FBI spied on Nobel laureate Gabriel García Márquez for 24 years, documents show.

The FBI spied on the late Colombian Nobel laureate Gabriel García Márquez for 24 years, according to recently unclassified documents obtained by the Washington Post.

According to the newspaper, the federal police agency began spying on García Márquez after he arrived in New York for a brief stay in 1961 and didn’t stop spying on him until 1985, well after the Colombian writer had been awarded a Nobel Prize for Literature for his most famous novel, One Hundred Years of Solitude.

According to the Post, the released 137 pages of an at least 270-page file left unclear why the FBI began spying on the author.

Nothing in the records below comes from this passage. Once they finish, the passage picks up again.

Lemma colblk_entry m p (g : nat -> 'M[C]_(q, p)) (i : 'I_m) (r : 'I_q) k :
  colblk m g (tagnat.Rank i r) k = g i r k.
Proof. by have := mxcolK (fun l : 'I_m => g (val l)) i => /matrixP/(_ r k); rewrite !mxE. Qed.

Lemma colblk_recr m p (g : nat -> 'M[C]_(q, p)) :
  colblk m.+1 g = castmx (bsz_recr q m, erefl) (col_mx (colblk m g) (g m)).
Proof.
apply/matrixP => x k; rewrite -[x]tagnat.sig2K.
move: (tagnat.sig1 x) (tagnat.sig2 x) => i r.
rewrite colblk_entry castmxE mxE cast_ord_id.
have Hz : (cast_ord (esym (bsz_recr q m)) (tagnat.Rank i r) : nat) = (i * q + r)%N
  := Rank_val i r.
have lr := ltn_ord r; have li := ltn_ord i.
case: splitP => y; rewrite Hz => Hy.
  have ly : (y < m * q)%N by rewrite -bszE.
  have ltim : (i < m)%N by rewrite -(ltn_pmul2r (leq_ltn_trans (leq0n _) lr)); lia.
  have -> : y = tagnat.Rank (Ordinal ltim) r by apply: val_inj; rewrite [RHS]Rank_val.
  by rewrite colblk_entry.
move: Hy; rewrite bszE => Hy.
have ly := ltn_ord y.
have eim : (i : nat) = m.
  apply/eqP; rewrite eqn_leq -ltnS li andTb leqNgt; apply/negP => him.
  have : (i * q + r < m * q)%N.
    apply: (@leq_trans (i * q + q)); first by rewrite ltn_add2l.
    by rewrite addnC -mulSn leq_mul2r him orbT.
  by rewrite Hy; lia.
have -> : r = y by apply: val_inj; move/eqP: Hy; rewrite eim eqn_add2l => /eqP.
by rewrite eim.
Qed.

Lemma castmx_mul_cancel n1 n2 p1 p2 (e : n1 = n2) (A : 'M[C]_(p1, n1))
    (B : 'M[C]_(n1, p2)) :
  castmx (erefl, e) A *m castmx (e, erefl) B = A *m B.
Proof. by case: n2 / e; rewrite !castmx_id. Qed.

However, in the year the FBI began its spying practices García Márquez helped found the still active press agency, Prensa Latina for Cuba, which had been overtaken by communist dictator Fidel Castro only two years before. Additionally, the writer had supported a Communist-backed coup attempt in Venezuela in 1958 when working in that country as a journalist.

According to one of the first entries in the García Márquez file, dated February 8, 1961, an order that appears to have come straight from FBI Director J. Edgar Hoover directed that “in the event he enters the U.S. for any purpose, the Bureau should be promptly advised.”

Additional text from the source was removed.